YOUR ASSIGNMENT —
The complete set of records below must be repeated precisely as given.

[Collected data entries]
Definition envelops {R : realFieldType} (V : vtx -> Prop) (f : vtx -> 'M[R]_(2,6))
  (r : vtx -> 'rV[R]_6) : Prop :=
  forall v, V v -> (r v <= f v)%MS.

(* x is (homogeneous coordinates of) the point sphere map of f w.r.t. the
   point sphere complex q: x_v is the point sphere (sphere orthogonal to q)
   contained in f_v *)
Definition point_sphere_map {R : realFieldType} (V : vtx -> Prop) (q : 'rV[R]_6)
  (f : vtx -> 'M[R]_(2,6)) (x : vtx -> 'rV[R]_6) : Prop :=
  forall v, V v -> x v != 0 /\ (x v <= f v)%MS /\ lie (x v) q = 0.

(* circular net of point spheres: the four point spheres of each face
   lie on a circle, i.e. span a subspace of dimension <= 3 *)
Definition circular_net {R : realFieldType} (V : vtx -> Prop) (x : vtx -> 'rV[R]_6) : Prop :=
  conjugate_net V x.

(* totally umbilic discrete Legendre map: all curvature spheres coincide with a
   constant sphere n, and the point sphere map is a circular net for every
   choice of point sphere complex *)
Definition totally_umbilic {R : realFieldType} (V : vtx -> Prop) (f : vtx -> 'M[R]_(2,6)) : Prop :=
  legendre V f /\
  (exists n : 'rV[R]_6, n != 0 /\
     forall v w, is_edge V v w -> (n <= f v)%MS /\ (n <= f w)%MS) /\
  (forall (q : 'rV[R]_6) (x : vtx -> 'rV[R]_6),
     lie q q = -1 -> point_sphere_map V q f x -> circular_net V x).

Definition face_cr {R : realFieldType} (x : vtx -> 'rV[R]_6) (v : vtx) : R :=
  cr (x v) (x (sh1 v)) (x (sh1 (sh2 v))) (x (sh2 v)).

(* isothermic: planar faces and an edge function a (a1 on edges (v, sh1 v),
   a2 on edges (v, sh2 v)) equal on opposite edges with
   cr(x_i,x_j,x_k,x_l) = a_ij / a_jk *)
Definition isothermic {R : realFieldType} (V : vtx -> Prop) (x : vtx -> 'rV[R]_6) : Prop :=
  (forall v, V v -> in_light_cone (x v)) /\
  conjugate_net V x /\
  exists a1 a2 : vtx -> R,
    forall v, is_face V v ->
      a1 v = a1 (sh2 v) /\ a2 v = a2 (sh1 v) /\
      face_cr x v = a1 v / a2 (sh1 v).

From mathcomp Require Import all_boot all_order all_algebra ring lra.
Import GRing.Theory Num.Theory.
Local Open Scope ring_scope.

(* Fix a face and let n be the constant curvature sphere of
   the totally umbilic envelope u.  At each vertex the contact element u_v is
   a totally null plane containing n, r_v and the point sphere up_v, so n is
   orthogonal to every r_v, hence to the span of the face of r.  This span is
   non-degenerate (signature (2,1) or (1,2)), so no r_v is a multiple of n and
   u_v is spanned by n and r_v:  up_v = a_v n + b_v r_v.  If <n,p> = 0, then
   every up_v lies on the line of n: otherwise n and r_v would be two
   independent orthogonal null vectors in p^perp, which has signature (4,1).
   This contradicts the rank hypothesis on the face of up, so <n,p> <> 0, and
   then <up_v,p> = 0 forces b_v <> 0.  Since n is null and orthogonal to all
   r_v, <up_v,up_w> = b_v b_w <r_v,r_w>, and the factors b_v cancel in the
   cross-ratio.  Equality of face cross-ratios transports isothermicity. *)

Section LieForm.
Set Implicit Arguments. Unset Strict Implicit.
Variable R : realFieldType.
Implicit Types x y z : 'rV[R]_6.

Lemma mx11_mulmx (c : 'M[R]_1) x : c *m x = c 0 0 *: x.
Proof. by rewrite {1}[c]mx11_scalar mul_scalar_mx. Qed.

Lemma lieC x y : lie x y = lie y x.
Proof. by apply: eq_bigr => i _; rewrite mulrAC. Qed.

Lemma lieDl x y z : lie (x + y) z = lie x z + lie y z.
Proof.
rewrite /lie -big_split /=; apply: eq_bigr => i _; rewrite !mxE.
by rewrite mulrDr mulrDl.
Qed.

TASK RESPONSE —
Definition envelops {R : realFieldType} (V : vtx -> Prop) (f : vtx -> 'M[R]_(2,6))
  (r : vtx -> 'rV[R]_6) : Prop :=
  forall v, V v -> (r v <= f v)%MS.

(* x is (homogeneous coordinates of) the point sphere map of f w.r.t. the
   point sphere complex q: x_v is the point sphere (sphere orthogonal to q)
   contained in f_v *)
Definition point_sphere_map {R : realFieldType} (V : vtx -> Prop) (q : 'rV[R]_6)
  (f : vtx -> 'M[R]_(2,6)) (x : vtx -> 'rV[R]_6) : Prop :=
  forall v, V v -> x v != 0 /\ (x v <= f v)%MS /\ lie (x v) q = 0.

(* circular net of point spheres: the four point spheres of each face
   lie on a circle, i.e. span a subspace of dimension <= 3 *)
Definition circular_net {R : realFieldType} (V : vtx -> Prop) (x : vtx -> 'rV[R]_6) : Prop :=
  conjugate_net V x.

(* totally umbilic discrete Legendre map: all curvature spheres coincide with a
   constant sphere n, and the point sphere map is a circular net for every
   choice of point sphere complex *)
Definition totally_umbilic {R : realFieldType} (V : vtx -> Prop) (f : vtx -> 'M[R]_(2,6)) : Prop :=
  legendre V f /\
  (exists n : 'rV[R]_6, n != 0 /\
     forall v w, is_edge V v w -> (n <= f v)%MS /\ (n <= f w)%MS) /\
  (forall (q : 'rV[R]_6) (x : vtx -> 'rV[R]_6),
     lie q q = -1 -> point_sphere_map V q f x -> circular_net V x).

Definition face_cr {R : realFieldType} (x : vtx -> 'rV[R]_6) (v : vtx) : R :=
  cr (x v) (x (sh1 v)) (x (sh1 (sh2 v))) (x (sh2 v)).

(* isothermic: planar faces and an edge function a (a1 on edges (v, sh1 v),
   a2 on edges (v, sh2 v)) equal on opposite edges with
   cr(x_i,x_j,x_k,x_l) = a_ij / a_jk *)
Definition isothermic {R : realFieldType} (V : vtx -> Prop) (x : vtx -> 'rV[R]_6) : Prop :=
  (forall v, V v -> in_light_cone (x v)) /\
  conjugate_net V x /\
  exists a1 a2 : vtx -> R,
    forall v, is_face V v ->
      a1 v = a1 (sh2 v) /\ a2 v = a2 (sh1 v) /\
      face_cr x v = a1 v / a2 (sh1 v).

From mathcomp Require Import all_boot all_order all_algebra ring lra.
Import GRing.Theory Num.Theory.
Local Open Scope ring_scope.

(* Fix a face and let n be the constant curvature sphere of
   the totally umbilic envelope u.  At each vertex the contact element u_v is
   a totally null plane containing n, r_v and the point sphere up_v, so n is
   orthogonal to every r_v, hence to the span of the face of r.  This span is
   non-degenerate (signature (2,1) or (1,2)), so no r_v is a multiple of n and
   u_v is spanned by n and r_v:  up_v = a_v n + b_v r_v.  If <n,p> = 0, then
   every up_v lies on the line of n: otherwise n and r_v would be two
   independent orthogonal null vectors in p^perp, which has signature (4,1).
   This contradicts the rank hypothesis on the face of up, so <n,p> <> 0, and
   then <up_v,p> = 0 forces b_v <> 0.  Since n is null and orthogonal to all
   r_v, <up_v,up_w> = b_v b_w <r_v,r_w>, and the factors b_v cancel in the
   cross-ratio.  Equality of face cross-ratios transports isothermicity. *)

Section LieForm.
Set Implicit Arguments. Unset Strict Implicit.
Variable R : realFieldType.
Implicit Types x y z : 'rV[R]_6.

Lemma mx11_mulmx (c : 'M[R]_1) x : c *m x = c 0 0 *: x.
Proof. by rewrite {1}[c]mx11_scalar mul_scalar_mx. Qed.

Lemma lieC x y : lie x y = lie y x.
Proof. by apply: eq_bigr => i _; rewrite mulrAC. Qed.

Lemma lieDl x y z : lie (x + y) z = lie x z + lie y z.
Proof.
rewrite /lie -big_split /=; apply: eq_bigr => i _; rewrite !mxE.
by rewrite mulrDr mulrDl.
Qed.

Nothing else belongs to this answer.